HOW TO COMPLETE THIS TASK> Take the lines below between the one holding "by rewrite expnS mulnCA mul2n halfD" and the one holding "Lemma big_lxor_ltn_exp2 q", inclusive, and copy them exactly. Add nothing.

Entries taken from a collection:
※
(* Let $k,q\ge0$, $p=k+q$, $m=2^p$, $n=2^q$, and $U_m=\frac{1}{\sqrt{2^p}}H(2^p)$. Fix $c$ with $0\le c\le 2^k-1$ and inject $n$ identical bosons in the input state $\vec s=(1+nc,2+nc,\dots,n+nc)$. Then an output state $\vec t=(t_1,\dots,t_n)$ is suppressed if and only if $\beta_q(t_1-1)\oplus\beta_q(t_2-1)\oplus\dots\oplus\beta_q(t_n-1)\neq0$, where $\beta_q(x)$ denotes the $q$ least significant bits of the binary representation of $x$ (equivalently, the $q$-bit binary representation of $x\bmod 2^q$).
   Context: For $m=2^p$, the Sylvester matrix $H(m)$ is defined recursively by $H(1)=[1]$ and $H(2^p)=\begin{bmatrix}H(2^{p-1})&H(2^{p-1})\\ H(2^{p-1})&-H(2^{p-1})\end{bmatrix}$, rows and columns indexed $1,\dots,m$. $\oplus$ denotes bitwise XOR. An $n$-particle state on $m$ modes is a nondecreasing tuple $\vec t=(t_1\le\dots\le t_n)$ with $t_i\in\{1,\dots,m\}$; $\mu_k(\vec t)=|\{i:t_i=k\}|$. For input $\vec s$ and output $\vec t$, the scattering matrix is $S_{i,j}=U_{t_i,s_j}$, and the bosonic amplitude is $\mathrm{perm}\,S/\sqrt{\prod_k\mu_k(\vec s)!\prod_k\mu_k(\vec t)!}$, where $\mathrm{perm}\,A=\sum_{\sigma\in S_n}\prod_i a_{i,\sigma(i)}$. An output state is suppressed if its amplitude is zero. *)

From Stdlib Require PeanoNat.
From HB Require Import structures.
From mathcomp Require Import all_boot all_order all_algebra all_fingroup all_field.
Set Implicit Arguments. Unset Strict Implicit. Unset Printing Implicit Defensive.
Import Order.TTheory GRing.Theory Num.Theory.
Local Open Scope ring_scope.

(* Entries of the Sylvester matrix H(2^p), with 0-based indices i, j < 2^p,
   following the recursive block definition
   H(2^(p+1)) = [[H(2^p), H(2^p)], [H(2^p), -H(2^p)]]. *)
Fixpoint sylv0 (p i j : nat) : int :=
  match p with
  | 0 => 1
  | p'.+1 =>
    let h := (2 ^ p')%N in
    if (i < h)%N then
      (if (j < h)%N then sylv0 p' i j else sylv0 p' i (j - h))
    else
      (if (j < h)%N then sylv0 p' (i - h) j else - sylv0 p' (i - h) (j - h))
  end.

(* H(2^p)_{i,j} with 1-based indices i, j in {1, ..., 2^p}. *)
Definition sylvester (p i j : nat) : int := sylv0 p i.-1 j.-1.

Definition Umat (p i j : nat) : algC :=
  (sylvester p i j)%:~R / sqrtC (2 ^ p)%:R.

Definition permanent (R : comNzRingType) (n : nat) (A : 'M[R]_n) : R :=
  \sum_(s : 'S_n) \prod_(i < n) A i (s i).

Definition mu (t : seq nat) (k : nat) : nat := count_mem k t.

Definition is_state (m n : nat) (t : n.-tuple nat) : bool :=
  sorted leq t && all (fun x => (0 < x <= m)%N) t.

Definition scattering (p n : nat) (s t : n.-tuple nat) : 'M[algC]_n :=
  \matrix_(i < n, j < n) Umat p (tnth t i) (tnth s j).

Definition amplitude (p n : nat) (s t : n.-tuple nat) : algC :=
  permanent (scattering p s t) /
  sqrtC ((\prod_(1 <= k < (2 ^ p).+1) (mu s k)`!)%N%:R *
         (\prod_(1 <= k < (2 ^ p).+1) (mu t k)`!)%N%:R).

Definition suppressed (p n : nat) (s t : n.-tuple nat) : Prop :=
  amplitude p s t = 0.

Definition input_state (n c : nat) : n.-tuple nat :=
  [tuple (i.+1 + n * c)%N | i < n].

Definition beta (q x : nat) : nat := (x %% 2 ^ q)%N.

Definition xor_beta (q : nat) (t : seq nat) : nat :=
  foldr PeanoNat.Nat.lxor 0%N [seq beta q x.-1 | x <- t].

(* By the Kronecker structure H(2^(k+q)) = H(2^k) (x) H(2^q), the entry of the
   scattering matrix in row t_i and input column j + 1 + 2^q c is a nonzero factor
   depending only on i, times the entry of H(2^q) in row y_i = (t_i - 1) mod 2^q and
   column j.  So t is suppressed iff the permanent of the matrix with rows
   H(2^q)_(y_i) vanishes.  These rows are the characters j |-> (-1)^<y_i, j> of
   (Z/2)^q.  If X = y_1 xor ... xor y_n is nonzero, translating the columns by an a
   with (-1)^<X, a> = -1 multiplies the permanent by -1, so it is 0.  If X = 0, the
   permanent is 2^(2^q - 1) times an odd integer, by induction on q: group the
   columns in pairs {c, 2^(q-1) + c} and average over the swaps inside each pair.
   A pair of rows then contributes a 2 x 2 permanent which vanishes unless both
   rows have the same top bit, and otherwise is +-2 times the entry of H(2^(q-1))
   at the xor of their low bits.  This writes the permanent as a sum, over the
   perfect matchings of the rows that only pair equal top bits, of
   +-2^(2^(q-1)) times permanents of the same kind one size down; there is an odd
   number of such matchings, and each term is 2^(2^q - 1) times an odd integer. *)

From Stdlib Require Import PeanoNat.
From HB Require Import structures.
From mathcomp Require Import all_boot all_order all_algebra all_fingroup all_field.
From mathcomp Require Import zify ring.
Set Implicit Arguments. Unset Strict Implicit. Unset Printing Implicit Defensive.
Import Order.TTheory GRing.Theory Num.Theory.

(** * Bitwise exclusive or *)

Lemma Nat_div2_oddE n : Nat.div2 n = n./2 /\ Nat.odd n = odd n.
Proof.
suff [] : (Nat.div2 n = n./2 /\ Nat.odd n = odd n) /\
          (Nat.div2 n.+1 = n.+1./2 /\ Nat.odd n.+1 = odd n.+1) by [].
elim: n => [|n [[IH1 IH2] [IH3 IH4]]] //.
do !split => //; first by rewrite [LHS]/= IH1.
by rewrite Nat.odd_succ Nat.even_succ IH2 /=; case: (odd n).
Qed.

Lemma lxor_halfE a b :
  Nat.lxor a b = (odd a (+) odd b) + (Nat.lxor a./2 b./2).*2.
Proof.
apply: Nat.bits_inj => -[|i].
  rewrite Nat.lxor_spec !Nat.bit0_odd !(proj2 (Nat_div2_oddE _)).
  by rewrite oddD odd_double addbF; case: (odd a); case: (odd b).
rewrite Nat.lxor_spec -!Nat.testbit_div2 !(proj1 (Nat_div2_oddE _)).
by rewrite half_bit_double Nat.lxor_spec.
Qed.

Lemma half_ltn_exp2S q a : a < 2 ^ q.+1 -> a./2 < 2 ^ q.
Proof. by rewrite expnS; have := odd_double_half a; move: (odd a) => [] ?; lia. Qed.

Lemma lxor_ltn_exp2 q a b : a < 2 ^ q -> b < 2 ^ q -> Nat.lxor a b < 2 ^ q.
Proof.
elim: q a b => [|q IH] a b; first by rewrite !ltnS !leqn0 => /eqP-> /eqP->.
move=> /half_ltn_exp2S ha /half_ltn_exp2S hb; rewrite lxor_halfE expnS.
by have := IH _ _ ha hb; case: (_ (+) _) => /=; lia.
Qed.

Lemma exp2S_split q y : y < 2 ^ q.+1 -> y = (2 ^ q <= y) * 2 ^ q + y %% 2 ^ q.
Proof.
rewrite expnS => hy; case: leqP => h; last by rewrite mul0n add0n modn_small.
have lt : y - 2 ^ q < 2 ^ q by lia.
by rewrite mul1n -{2}(subnK h) modnDr modn_small // subnKC.
Qed.

Lemma exp2S_splitP q y : y < 2 ^ q.+1 ->
  exists (e : bool) a, a < 2 ^ q /\ y = e * 2 ^ q + a.
Proof.
move=> /exp2S_split hy.
by exists (2 ^ q <= y), (y %% 2 ^ q); rewrite ltn_pmod ?expn_gt0.
Qed.

Lemma lxor_exp2D q (e f : bool) a b : a < 2 ^ q -> b < 2 ^ q ->
  Nat.lxor (e * 2 ^ q + a) (f * 2 ^ q + b) = (e (+) f) * 2 ^ q + Nat.lxor a b.
Proof.
elim: q a b => [|q IH] a b.
  by rewrite !ltnS !leqn0 => /eqP-> /eqP->; case: e; case: f.
move=> ha hb; rewrite lxor_halfE [in RHS]lxor_halfE.
have odd_top (g : bool) x : odd (g * 2 ^ q.+1 + x) = odd x.
  by rewrite oddD oddM oddX andbF.
have half_top (g : bool) x : (g * 2 ^ q.+1 + x)./2 = g * 2 ^ q + x./2.
  by rewrite expnS mulnCA mul2n halfD odd_double doubleK.
rewrite !odd_top !half_top IH ?half_ltn_exp2S // doubleD addnCA.
by rewrite expnS mulnCA mul2n.
Qed.

Lemma lxorKl a : cancel (Nat.lxor a) (Nat.lxor a).
Proof. by move=> u; rewrite -Nat.lxor_assoc Nat.lxor_nilpotent Nat.lxor_0_l. Qed.

Lemma lxorA : associative Nat.lxor.
Proof. by move=> a b c; rewrite Nat.lxor_assoc. Qed.

HB.instance Definition _ :=
  Monoid.isComLaw.Build nat 0 Nat.lxor lxorA Nat.lxor_comm Nat.lxor_0_l.

Lemma big_lxor_ltn_exp2 q (I : finType) (P : pred I) (f : I -> nat) :
  (forall i, P i -> f i < 2 ^ q) -> \big[Nat.lxor/0]_(i | P i) f i < 2 ^ q.
Proof.
move=> h; apply: (big_ind (fun a => a < 2 ^ q)) => //; first by rewrite expn_gt0.
exact: lxor_ltn_exp2.
Qed.

Lemma big_lxor_exp2S q (I : finType) (A : {pred I}) (y : I -> nat) :
  (forall i, i \in A -> y i < 2 ^ q.+1) ->
  \big[Nat.lxor/0]_(i in A) y i =
  odd #|[set i in A | 2 ^ q <= y i]| * 2 ^ q
    + \big[Nat.lxor/0]_(i in A) (y i %% 2 ^ q).
Proof.
move=> hy; have -> : #|[set i in A | 2 ^ q <= y i]| = \sum_(i in A | 2 ^ q <= y i) 1.
  by rewrite -sum1_card; apply: eq_bigl => i; rewrite inE.
pose K (a n z : nat) := a = odd n * 2 ^ q + z /\ z < 2 ^ q.
suff [] : K (\big[Nat.lxor/0]_(i in A) y i) (\sum_(i in A | 2 ^ q <= y i) 1)
            (\big[Nat.lxor/0]_(i in A) (y i %% 2 ^ q)) by [].
rewrite big_mkcondr /=; apply: big_rec3; first by split; rewrite ?expn_gt0.
move=> i a n z hi [-> hz]; split; last by rewrite lxor_ltn_exp2 ?ltn_pmod ?expn_gt0.
rewrite {1}(exp2S_split (hy i hi)) lxor_exp2D ?ltn_pmod ?expn_gt0 //.
by case: (2 ^ q <= y i); rewrite ?oddD ?oddb.
Qed.

(** * Matchings inside the classes of a two-colouring *)

Lemma odd_sum_odd (I : finType) (A : {pred I}) (f : I -> nat) :
  (forall i, i \in A -> odd (f i)) -> odd (\sum_(i in A) f i) = odd #|A|.
Proof.
move=> h; rewrite -sum1_card.
by apply: (big_rec2 (fun a b => odd a = odd b)) => // i a b /h fi e; rewrite !oddD e fi.
Qed.

Section ClassMatchings.
Variables (T : finType) (cl : T -> bool).

Definition class_pair (S : {set T}) : bool :=
  (#|S| == 2) && [forall x in S, forall y in S, cl x == cl y].

Definition class_matchings (U : {set T}) : {set {set {set T}}} :=
  [set P | partition P U && [forall S in P, class_pair S]].

Lemma class_matchingsE U P :
  (P \in class_matchings U) = partition P U && [forall S in P, class_pair S].
Proof. by rewrite inE. Qed.

Lemma class_pair2 x y : x != y -> cl x = cl y -> class_pair [set x; y].
Proof.
move=> nxy cxy; rewrite /class_pair cards2 nxy.
by apply/forall_inP => u /set2P[]->; apply/forall_inP => v /set2P[]->; rewrite ?cxy.
Qed.

Lemma class_pairP S : class_pair S ->
  exists x y, [/\ x != y, cl x = cl y & S = [set x; y]].
Proof.
case/andP => /cards2P[x [y [nxy ->]]] /forall_inP/(_ x (set21 x y))/forall_inP.
by move=> /(_ y (set22 x y))/eqP cxy; exists x, y.
Qed.

Definition partner (P : {set {set T}}) (x : T) : T := odflt x [pick y in pblock P x :\ x].

Lemma partner2 (x y : T) : y != x -> odflt x [pick z in [set x; y] :\ x] = y.
Proof.
move=> nyx; case: pickP => [z|/(_ y)]; rewrite !inE ?nyx ?eqxx ?orbT //=.
by case/andP => nzx /orP[/eqP zx|/eqP ->//]; rewrite zx eqxx in nzx.
Qed.

Lemma class_matching_pblock (U : {set T}) P x : P \in class_matchings U -> x \in U ->
  let y := partner P x in
  [/\ y \in U, y != x, cl y = cl x & pblock P x = [set x; y]].
Proof.
rewrite class_matchingsE => /andP[partP /forall_inP clP] xU.
have xP : x \in cover P by rewrite (cover_partition partP).
have [u [v [nuv cuv Px]]] := class_pairP (clP _ (pblock_mem xP)).
have [y [nyx cyx Pxy]] : exists y, [/\ y != x, cl y = cl x & pblock P x = [set x; y]].
  have : x \in pblock P x by rewrite mem_pblock.
  rewrite Px => /set2P[]->.
    by exists v; split=> //; rewrite eq_sym.
  by exists u; split=> //; rewrite setUC.
rewrite /partner Pxy partner2 //; split=> //.
apply: (subsetP (partitionS partP (pblock_mem xP))).
by rewrite Pxy !inE eqxx orbT.
Qed.

Lemma class_matchings_set0 : class_matchings set0 = [set set0].
Proof.
apply/setP => P; rewrite !inE partition_set0.
by apply/andP/eqP => [[/eqP]|->] //; split=> //; apply/forall_inP => S; rewrite inE.
Qed.

Lemma class_matchings_partner (U : {set T}) x y :
  x \in U -> y \in U -> y != x -> cl y = cl x ->
  #|[set P in class_matchings U | partner P x == y]|
    = #|class_matchings (U :\: [set x; y])|.
Proof.
move=> xU yU nyx cyx; set A := [set x; y].
have AU : A \subset U by apply/subsetP => z /set2P[]->.
have A0 : A != set0 by apply/set0Pn; exists x; rewrite !inE eqxx.
have A_notin Q : Q \in class_matchings (U :\: A) -> A \notin Q.
  rewrite class_matchingsE => /andP[partQ _]; apply/negP.
  by move=> /(partitionS partQ)/subsetP/(_ x (set21 x y)); rewrite !inE eqxx.
suff -> : [set P in class_matchings U | partner P x == y]
          = [set A |: Q | Q in class_matchings (U :\: A)].
  rewrite card_in_imset // => Q Q' /A_notin nAQ /A_notin nAQ' e.
  by rewrite -(setU1K nAQ) e setU1K.
apply/setP => P; apply/idP/imsetP.
  rewrite inE => /andP[CP /eqP Pxy].
  have [_ _ _] := class_matching_pblock CP xU; rewrite Pxy -/A => PA.
  move: CP; rewrite class_matchingsE => /andP[partP /forall_inP clP].
  have AP : A \in P by rewrite -PA pblock_mem // (cover_partition partP).
  exists (P :\ A); last by rewrite setD1K.
  rewrite class_matchingsE partitionD1 //=.
  by apply/forall_inP => S /setD1P[_ /clP].
case=> Q; rewrite class_matchingsE => /andP[partQ /forall_inP clQ] ->.
have dAU : [disjoint A & U :\: A] by rewrite -setI_eq0 setDE setICA setICr setI0.
have partAQ := partitionU1 partQ A0 dAU.
rewrite setDE setUIr setUCr setIT (setUidPr AU) in partAQ.
have AQx : pblock (A |: Q) x = A.
  by rewrite (def_pblock (partition_trivIset partAQ) (setU11 A Q)) ?set21.
rewrite inE class_matchingsE partAQ /partner AQx partner2 ?eqxx ?andbT //=.
by apply/forall_inP => S /setU1P[->|/clQ //]; rewrite class_pair2 // eq_sym.
Qed.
※
EXERCISE OUTPUT>
  by rewrite expnS mulnCA mul2n halfD odd_double doubleK.
rewrite !odd_top !half_top IH ?half_ltn_exp2S // doubleD addnCA.
by rewrite expnS mulnCA mul2n.
Qed.

Lemma lxorKl a : cancel (Nat.lxor a) (Nat.lxor a).
Proof. by move=> u; rewrite -Nat.lxor_assoc Nat.lxor_nilpotent Nat.lxor_0_l. Qed.

Lemma lxorA : associative Nat.lxor.
Proof. by move=> a b c; rewrite Nat.lxor_assoc. Qed.

HB.instance Definition _ :=
  Monoid.isComLaw.Build nat 0 Nat.lxor lxorA Nat.lxor_comm Nat.lxor_0_l.

Lemma big_lxor_ltn_exp2 q (I : finType) (P : pred I) (f : I -> nat) :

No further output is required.